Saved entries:
* * * * *
(* Let $N\ge3$ be an integer and consider the equation $$-w''+(N-2)w'+(N-1)w=\frac{1}{3}\binom{N-1}{2}w^3 .$$ Then: (D) the only $w\in C^2([0,\infty))$ solving it on $[0,\infty)$ with $w(0)=0$ and $\lim_{t\to\infty}w(t)=0$ is $w\equiv0$; (Nav) the only $w\in C^2([0,\infty))$ solving it on $[0,\infty)$ with $w'(0)-(N-1)w(0)=0$ and $\lim_{t\to\infty}w(t)=0$ is $w\equiv0$; (E) the only $w\in C^2(\mathbb{R})$ solving it on $\mathbb{R}$ with $\lim_{t\to\pm\infty}w(t)=0$ is $w\equiv0$.
   Context: These are the radial Dirichlet, Navier and entire problems for $\Delta^2u=-S_3[u]$ ($S_3$ the third elementary symmetric polynomial of the Hessian eigenvalues), i.e. $k=3$, $\lambda=0$, obtained via $v=u'$, $w(t)=-v(e^{-t})$. *)

From Stdlib Require Import Reals.
From Coquelicot Require Import Coquelicot.
Open Scope R_scope.

Definition ode (N : nat) (w w1 w2 : R -> R) (t : R) : Prop :=
  - w2 t + (INR N - 2) * w1 t + (INR N - 1) * w t
  = / 3 * Binomial.C (N - 1) 2 * (w t) ^ 3.

(* w is C^2 on [0,+oo) with first derivative w1 and second derivative w2:
   classical derivatives on (0,+oo), and w, w1, w2 continuous on [0,+oo)
   (right-continuous at 0).  This is the usual meaning of C^2([0,oo)):
   derivatives extend continuously to the boundary point 0 (equivalently,
   one-sided derivatives exist there and are given by w1 0, w2 0). *)
Definition C2_halfline (w w1 w2 : R -> R) : Prop :=
  (forall t, 0 < t -> is_derive w t (w1 t) /\ is_derive w1 t (w2 t)
                      /\ continuous w2 t) /\
  filterlim w (at_right 0) (locally (w 0)) /\
  filterlim w1 (at_right 0) (locally (w1 0)) /\
  filterlim w2 (at_right 0) (locally (w2 0)).

Definition C2_line (w w1 w2 : R -> R) : Prop :=
  forall t, is_derive w t (w1 t) /\ is_derive w1 t (w2 t) /\ continuous w2 t.

From Stdlib Require Import Reals Lra.
From Coquelicot Require Import Coquelicot.
Open Scope R_scope.

(* Write the equation as w'' = (N-2) w' - V'(w) with the double-well potential
   V(x) = c/4 x^4 - (N-1)/2 x^2.  The energy E = w'^2/2 + V(w) then satisfies
   E' = (N-2) w'^2 >= 0.  If E(t) > 0 at some t, monotonicity and w -> 0 keep
   |w'| bounded away from 0 near +oo, which contradicts w -> 0; so E <= 0.
   Conversely E >= 0: at t = 0 from the Dirichlet or Navier condition, or from
   w -> 0 at -oo on the line.  Hence E = 0, so E' = 0 forces w' = 0 and the
   constant w equals its limit 0. *)


Lemma is_derive_MVT (f df : R -> R) (s t : R) : s < t ->
  (forall x, s <= x <= t -> is_derive f x (df x)) ->
  exists c, s < c < t /\ f t - f s = df c * (t - s).
Proof.
intros Hst Hd.
destruct (MVT_cor2 f df s t Hst) as [c [Heq Hc]].
- intros c Hc. apply is_derive_Reals, Hd, Hc.
- exists c. split; assumption.
Qed.

Lemma nondecreasing_of_derive_nonneg (f df : R -> R) (s t : R) :
  (forall x, s <= x <= t -> is_derive f x (df x) /\ 0 <= df x) ->
  s <= t -> f s <= f t.
Proof.
intros Hd Hst.
destruct (Rle_lt_or_eq_dec s t Hst) as [Hlt | <-]; [|lra].
destruct (is_derive_MVT f df s t Hlt) as [c [Hc Heq]].
- intros x Hx. apply Hd, Hx.
- assert (0 <= df c) by (apply Hd; lra). nra.
Qed.

Lemma lim_of_derive_zero (f : R -> R) (T0 l : R) :
  (forall x, T0 < x -> is_derive f x 0) -> is_lim f p_infty l ->
  forall t, T0 < t -> f t = l.
Proof.
intros Hd Hl t Ht.
assert (Hconst : forall x, t < x -> f t = f x).
{ intros x Hx.
  destruct (is_derive_MVT f (fun _ => 0) t x Hx) as [c [_ Heq]].
  - intros y Hy. apply Hd. lra.
  - lra. }
assert (Hlt : is_lim f p_infty (f t)).
{ apply (is_lim_ext_loc (fun _ => f t)); [exists t; exact Hconst|apply is_lim_const]. }
apply is_lim_unique in Hl. apply is_lim_unique in Hlt.
rewrite Hl in Hlt. injection Hlt. auto.
Qed.

Lemma derive_away_from_0_not_is_lim (f df : R -> R) (M k l : R) : 0 < k ->
  (forall x, M < x -> is_derive f x (df x)) ->
  (forall x, M < x -> k <= Rabs (df x)) -> ~ is_lim f p_infty l.
Proof.
intros Hk Hd Hdf Hl.
apply is_lim_spec in Hl. destruct (Hl (mkposreal 1 Rlt_0_1)) as [M' HM']. simpl in HM'.
set (T := Rmax M M' + 1). set (K := 3 / k).
assert (HTM : M < T) by (unfold T; pose proof (Rmax_l M M'); lra).
assert (HTM' : M' < T) by (unfold T; pose proof (Rmax_r M M'); lra).
assert (HK : k * K = 3) by (unfold K; field; lra).
assert (HK0 : 0 < K) by (unfold K; apply Rdiv_lt_0_compat; lra).
destruct (is_derive_MVT f df T (T + K)) as [c [Hc Heq]]; [lra| |].
- intros x Hx. apply Hd. lra.
- assert (Hjump : 3 <= Rabs (f (T + K) - f T)).
  { rewrite Heq, Rabs_mult, (Rabs_right (T + K - T)) by lra.
    rewrite <- HK. replace (T + K - T) with K by ring.
    apply Rmult_le_compat_r; [lra|apply Hdf; lra]. }
  assert (Hend : Rabs (f (T + K) - l) < 1) by (apply HM'; lra).
  assert (Hstart : Rabs (l - f T) < 1)
    by (rewrite <- Rabs_Ropp, Ropp_minus_distr; apply HM', HTM').
  pose proof (Rabs_triang (f (T + K) - l) (l - f T)) as Htri.
  replace (f (T + K) - l + (l - f T)) with (f (T + K) - f T) in Htri by ring.
  lra.
Qed.

Section Energy.

Variables (a : R) (V dV : R -> R).
Hypothesis V_derive : forall x, is_derive V x (dV x).
Hypothesis a_pos : 0 < a.
Hypothesis V_0 : V 0 = 0.

Definition energy (w w1 : R -> R) (t : R) : R := w1 t ^ 2 / 2 + V (w t).

Definition solution_on (w w1 w2 : R -> R) (T0 : R) : Prop :=
  forall t, T0 < t ->
    is_derive w t (w1 t) /\ is_derive w1 t (w2 t) /\ w2 t = a * w1 t - dV (w t).

Lemma potential_is_lim_0 (w : R -> R) (x : Rbar) :
  is_lim w x 0 -> is_lim (fun s => V (w s)) x 0.
Proof.
intros Hl. rewrite <- V_0. apply is_lim_comp_continuous; [exact Hl|].
apply (ex_derive_continuous (V:=R_NormedModule)). eexists. apply V_derive.
Qed.

Section Solution.

Variables (w w1 w2 : R -> R) (T0 : R).
Hypothesis Hsol : solution_on w w1 w2 T0.

Lemma energy_derive t : T0 < t -> is_derive (energy w w1) t (a * w1 t ^ 2).
Proof.
intros Ht. destruct (Hsol t Ht) as (Hw & Hw1 & Heq).
replace (a * w1 t ^ 2) with (plus (scal (w2 t) (w1 t)) (scal (w1 t) (dV (w t)))).
- apply (is_derive_plus (fun s => (fun y => y ^ 2 / 2) (w1 s)) (fun s => V (w s))).
  + apply (is_derive_comp (fun y => y ^ 2 / 2)); [|exact Hw1].
    auto_derive; [exact I|field].
  + apply (is_derive_comp V w); [apply V_derive|exact Hw].
- rewrite Heq. unfold plus, scal; simpl. unfold mult; simpl. ring.
Qed.

Lemma energy_nondecreasing s t : T0 < s -> s <= t -> energy w w1 s <= energy w w1 t.
Proof.
intros Hs Hst.
apply (nondecreasing_of_derive_nonneg _ (fun x => a * w1 x ^ 2)); [|exact Hst].
intros x Hx. split.
- apply energy_derive. lra.
- apply Rmult_le_pos; [lra|apply pow2_ge_0].
Qed.

Lemma energy_nonpos : is_lim w p_infty 0 -> forall t, T0 < t -> energy w w1 t <= 0.
Proof.
intros Hl t Ht. destruct (Rle_dec (energy w w1 t) 0) as [|Hpos]; [assumption|exfalso].
set (d := energy w w1 t). assert (Hd : 0 < d) by (unfold d; lra).
pose proof (potential_is_lim_0 w p_infty Hl) as HV.
apply is_lim_spec in HV. destruct (HV (mkposreal (d / 2) ltac:(lra))) as [M HM]. simpl in HM.
set (k := Rmin 1 d).
assert (Hk : 0 < k) by (apply Rmin_glb_lt; lra).
apply (derive_away_from_0_not_is_lim w w1 (Rmax t M) k 0 Hk).
- intros x Hx. apply Hsol. pose proof (Rmax_l t M). lra.
- intros x Hx.
  assert (Htx : t < x) by (pose proof (Rmax_l t M); lra).
  assert (HMx : M < x) by (pose proof (Rmax_r t M); lra).
  assert (Hmono : d <= energy w w1 x) by (apply energy_nondecreasing; lra).
  assert (HVx : V (w x) < d / 2).
  { specialize (HM x HMx). rewrite Rminus_0_r in HM. apply Rabs_def2 in HM. lra. }
  assert (Hsq : d < Rabs (w1 x) ^ 2) by (unfold energy in Hmono; rewrite pow2_abs; lra).
  assert (Hk1 : k <= 1) by apply Rmin_l. assert (Hkd : k <= d) by apply Rmin_r.
  pose proof (Rabs_pos (w1 x)) as Habs. nra.
- exact Hl.
Qed.

Lemma solution_zero_of_energy_nonneg : is_lim w p_infty 0 ->
  (forall t, T0 < t -> 0 <= energy w w1 t) -> forall t, T0 < t -> w t = 0.
Proof.
intros Hl HE.
assert (Hw1 : forall t, T0 < t -> w1 t = 0).
{ intros t Ht.
  assert (Hzero : is_derive (energy w w1) t 0).
  { apply (is_derive_ext_loc (fun _ => 0)); [|apply (is_derive_const 0)].
    apply (filter_imp (fun u => T0 < u)); [|exact (open_gt T0 t Ht)].
    intros u Hu. apply Rle_antisym; [apply HE, Hu|apply energy_nonpos; assumption]. }
  apply is_derive_unique in Hzero.
  rewrite (is_derive_unique _ _ _ (energy_derive t Ht)) in Hzero.
  apply Rmult_integral in Hzero. destruct Hzero as [|Hsq]; [lra|nra]. }
apply (lim_of_derive_zero w T0 0); [|exact Hl].
intros x Hx. rewrite <- (Hw1 x Hx). apply Hsol, Hx.
Qed.

End Solution.

Lemma energy_nonneg_of_lim_minfty w w1 w2 :
  (forall T0, solution_on w w1 w2 T0) -> is_lim w m_infty 0 ->
  forall t, 0 <= energy w w1 t.
Proof.
intros Hsol Hl t. destruct (Rle_dec 0 (energy w w1 t)) as [|Hneg]; [assumption|exfalso].
pose proof (potential_is_lim_0 w m_infty Hl) as HV.
apply is_lim_spec in HV.
destruct (HV (mkposreal (- energy w w1 t) ltac:(lra))) as [M HM]. simpl in HM.
set (s := Rmin M t - 1).
assert (HsM : s < M) by (unfold s; pose proof (Rmin_l M t); lra).
assert (Hst : s <= t) by (unfold s; pose proof (Rmin_r M t); lra).
assert (Hmono : energy w w1 s <= energy w w1 t)
  by (apply (energy_nondecreasing w w1 w2 (s - 1)); [apply Hsol|lra|exact Hst]).
specialize (HM s HsM). rewrite Rminus_0_r in HM. apply Rabs_def2 in HM.
assert (HVs : V (w s) <= energy w w1 s) by (unfold energy; pose proof (pow2_ge_0 (w1 s)); lra).
lra.
Qed.

Lemma energy_right_continuous w w1 :
  filterlim w (at_right 0) (locally (w 0)) ->
  filterlim w1 (at_right 0) (locally (w1 0)) ->
  filterlim (energy w w1) (at_right 0) (locally (energy w w1 0)).
Proof.
intros Hw Hw1. unfold energy.
eapply (filterlim_comp_2 (fun s => w1 s ^ 2 / 2) (fun s => V (w s)) Rplus).
- apply (filterlim_comp _ _ _ w1 (fun y => y ^ 2 / 2) _ _ _ Hw1).
  apply (ex_derive_continuous (V:=R_NormedModule) (fun y => y ^ 2 / 2)). auto_derive. exact I.
- apply (filterlim_comp _ _ _ w V _ _ _ Hw).
  apply (ex_derive_continuous (V:=R_NormedModule)). eexists. apply V_derive.
- apply (filterlim_plus (V:=R_NormedModule)).
Qed.

Lemma solution_zero_halfline w w1 w2 :
  solution_on w w1 w2 0 ->
  filterlim w (at_right 0) (locally (w 0)) ->
  filterlim w1 (at_right 0) (locally (w1 0)) ->
  0 <= energy w w1 0 -> is_lim w p_infty 0 -> forall t, 0 <= t -> w t = 0.
Proof.
intros Hsol Hw Hw1 HE0 Hl.
assert (Hpos : forall t, 0 < t -> w t = 0).
{ apply (solution_zero_of_energy_nonneg w w1 w2 0 Hsol Hl).
  intros t Ht. apply (Rle_trans _ _ _ HE0).
  change (Rbar_le (energy w w1 0) (energy w w1 t)).
  apply (filterlim_le (F := at_right 0) (energy w w1) (fun _ => energy w w1 t)).
  - unfold at_right, within. apply (filter_imp (fun u => u < t)); [|exact (open_lt t 0 Ht)].
    intros u Hu Hu0. apply (energy_nondecreasing w w1 w2 0); [exact Hsol|exact Hu0|lra].
  - apply (energy_right_continuous w w1 Hw Hw1).
  - apply filterlim_const. }
intros t Ht. destruct (Rle_lt_or_eq_dec 0 t Ht) as [Hlt | <-]; [apply Hpos, Hlt|].
apply (filterlim_locally_unique (F := at_right 0) w); [exact Hw|].
apply (filterlim_ext_loc (fun _ => 0)); [|apply filterlim_const].
exists (mkposreal 1 Rlt_0_1). intros u _ Hu. symmetry. apply Hpos, Hu.
Qed.

Lemma solution_zero_line w w1 w2 :
  (forall T0, solution_on w w1 w2 T0) -> is_lim w p_infty 0 -> is_lim w m_infty 0 ->
  forall t, w t = 0.
Proof.
intros Hsol Hp Hm t.
apply (solution_zero_of_energy_nonneg w w1 w2 (t - 1) (Hsol _) Hp); [|lra].
intros s _. apply (energy_nonneg_of_lim_minfty w w1 w2 Hsol Hm).
Qed.

End Energy.

Definition quartic_potential (k c x : R) : R := c / 4 * x ^ 4 - k / 2 * x ^ 2.

Definition quartic_potential_deriv (k c x : R) : R := c * x ^ 3 - k * x.

Lemma quartic_potential_derive k c x :
  is_derive (quartic_potential k c) x (quartic_potential_deriv k c x).
Proof. unfold quartic_potential, quartic_potential_deriv. auto_derive; [exact I|field]. Qed.

Lemma quartic_potential_0 k c : quartic_potential k c 0 = 0.
Proof. unfold quartic_potential. ring. Qed.

Lemma quartic_navier_energy_nonneg k c x : 1 <= k -> 0 <= c ->
  0 <= (k * x) ^ 2 / 2 + quartic_potential k c x.
Proof.
intros Hk Hc. unfold quartic_potential.
replace ((k * x) ^ 2 / 2 + (c / 4 * x ^ 4 - k / 2 * x ^ 2))
  with (k * (k - 1) / 2 * x ^ 2 + c / 4 * (x ^ 2) ^ 2) by field.
assert (0 <= k * (k - 1)) by (apply Rmult_le_pos; lra).
apply Rplus_le_le_0_compat; apply Rmult_le_pos; try apply pow2_ge_0; lra.
Qed.

Definition cubic_coef (N : nat) : R := / 3 * Binomial.C (N - 1) 2.

Lemma cubic_coef_nonneg N : 0 <= cubic_coef N.
Proof.
unfold cubic_coef, Binomial.C. apply Rmult_le_pos; [lra|].
apply Rmult_le_pos; [apply pos_INR|].
apply Rlt_le, Rinv_0_lt_compat, Rmult_lt_0_compat; apply INR_fact_lt_0.
Qed.

Lemma ode_solution_on N w w1 w2 T0 :
  (forall t, T0 < t -> is_derive w t (w1 t) /\ is_derive w1 t (w2 t)) ->
  (forall t, T0 < t -> ode N w w1 w2 t) ->
  solution_on (INR N - 2) (quartic_potential_deriv (INR N - 1) (cubic_coef N)) w w1 w2 T0.
Proof.
intros Hd Hode t Ht. destruct (Hd t Ht) as [Hw Hw1].
split; [exact Hw|split; [exact Hw1|]].
specialize (Hode t Ht). unfold ode in Hode. fold (cubic_coef N) in Hode.
unfold quartic_potential_deriv. lra.
Qed.

Theorem theorem5p1 (N : nat) (HN : (3 <= N)%nat) :
  (* (D) Dirichlet problem on [0,oo) *)
  (forall w w1 w2 : R -> R,
     C2_halfline w w1 w2 ->
     (forall t, 0 <= t -> ode N w w1 w2 t) ->
     w 0 = 0 ->
     is_lim w p_infty 0 ->
     forall t, 0 <= t -> w t = 0) /\
  (* (Nav) Navier problem on [0,oo) *)
  (forall w w1 w2 : R -> R,
     C2_halfline w w1 w2 ->
     (forall t, 0 <= t -> ode N w w1 w2 t) ->
     w1 0 - (INR N - 1) * w 0 = 0 ->
     is_lim w p_infty 0 ->
     forall t, 0 <= t -> w t = 0) /\
  (* (E) entire problem on R *)
  (forall w w1 w2 : R -> R,
     C2_line w w1 w2 ->
     (forall t, ode N w w1 w2 t) ->
     is_lim w p_infty 0 ->
     is_lim w m_infty 0 ->
     forall t, w t = 0).
Proof.
assert (HN3 : 3 <= INR N) by (apply le_INR in HN; simpl in HN; lra).
assert (Ha : 0 < INR N - 2) by lra.
pose proof (quartic_potential_derive (INR N - 1) (cubic_coef N)) as HV.
pose proof (quartic_potential_0 (INR N - 1) (cubic_coef N)) as HV0.
assert (Hhalf : forall w w1 w2,
          (forall t, 0 < t -> is_derive w t (w1 t) /\ is_derive w1 t (w2 t) /\ continuous w2 t) ->
          (forall t, 0 <= t -> ode N w w1 w2 t) ->
          solution_on (INR N - 2) (quartic_potential_deriv (INR N - 1) (cubic_coef N)) w w1 w2 0).
{ intros w w1 w2 Hd Hode. apply ode_solution_on.
  - intros t Ht. destruct (Hd t Ht) as (Hw & Hw1 & _). split; assumption.
  - intros t Ht. apply Hode. lra. }
split; [|split].
- intros w w1 w2 [Hd [Hr0 [Hr1 _]]] Hode Hw0 Hl.
  apply (solution_zero_halfline _ _ _ HV Ha HV0 w w1 w2 (Hhalf w w1 w2 Hd Hode) Hr0 Hr1); [|exact Hl].
  unfold energy. rewrite Hw0, HV0. pose proof (pow2_ge_0 (w1 0)). lra.
- intros w w1 w2 [Hd [Hr0 [Hr1 _]]] Hode Hnav Hl.
  apply (solution_zero_halfline _ _ _ HV Ha HV0 w w1 w2 (Hhalf w w1 w2 Hd Hode) Hr0 Hr1); [|exact Hl].
  unfold energy. replace (w1 0) with ((INR N - 1) * w 0) by lra.
  apply quartic_navier_energy_nonneg; [lra|apply cubic_coef_nonneg].
- intros w w1 w2 HC Hode Hp Hm.
  apply (solution_zero_line _ _ _ HV Ha HV0 w w1 w2); [|exact Hp|exact Hm].
  intros T0. apply ode_solution_on; [|intros t _; apply Hode].
  intros t _. destruct (HC t) as (Hw & Hw1 & _). split; assumption.
Qed.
* * * * *
▶ **Problem to solve**
Please transcribe only the lines in the records above running from the line that has "x) /\ 0 <= df x) ->" through the line that has "assert (Hlt : is_lim f p_infty (f t)).", both included, exactly as they appear.

▶ **Task output**
  (forall x, s <= x <= t -> is_derive f x (df x) /\ 0 <= df x) ->
  s <= t -> f s <= f t.
Proof.
intros Hd Hst.
destruct (Rle_lt_or_eq_dec s t Hst) as [Hlt | <-]; [|lra].
destruct (is_derive_MVT f df s t Hlt) as [c [Hc Heq]].
- intros x Hx. apply Hd, Hx.
- assert (0 <= df c) by (apply Hd; lra). nra.
Qed.

Lemma lim_of_derive_zero (f : R -> R) (T0 l : R) :
  (forall x, T0 < x -> is_derive f x 0) -> is_lim f p_infty l ->
  forall t, T0 < t -> f t = l.
Proof.
intros Hd Hl t Ht.
assert (Hconst : forall x, t < x -> f t = f x).
{ intros x Hx.
  destruct (is_derive_MVT f (fun _ => 0) t x Hx) as [c [_ Heq]].
  - intros y Hy. apply Hd. lra.
  - lra. }
assert (Hlt : is_lim f p_infty (f t)).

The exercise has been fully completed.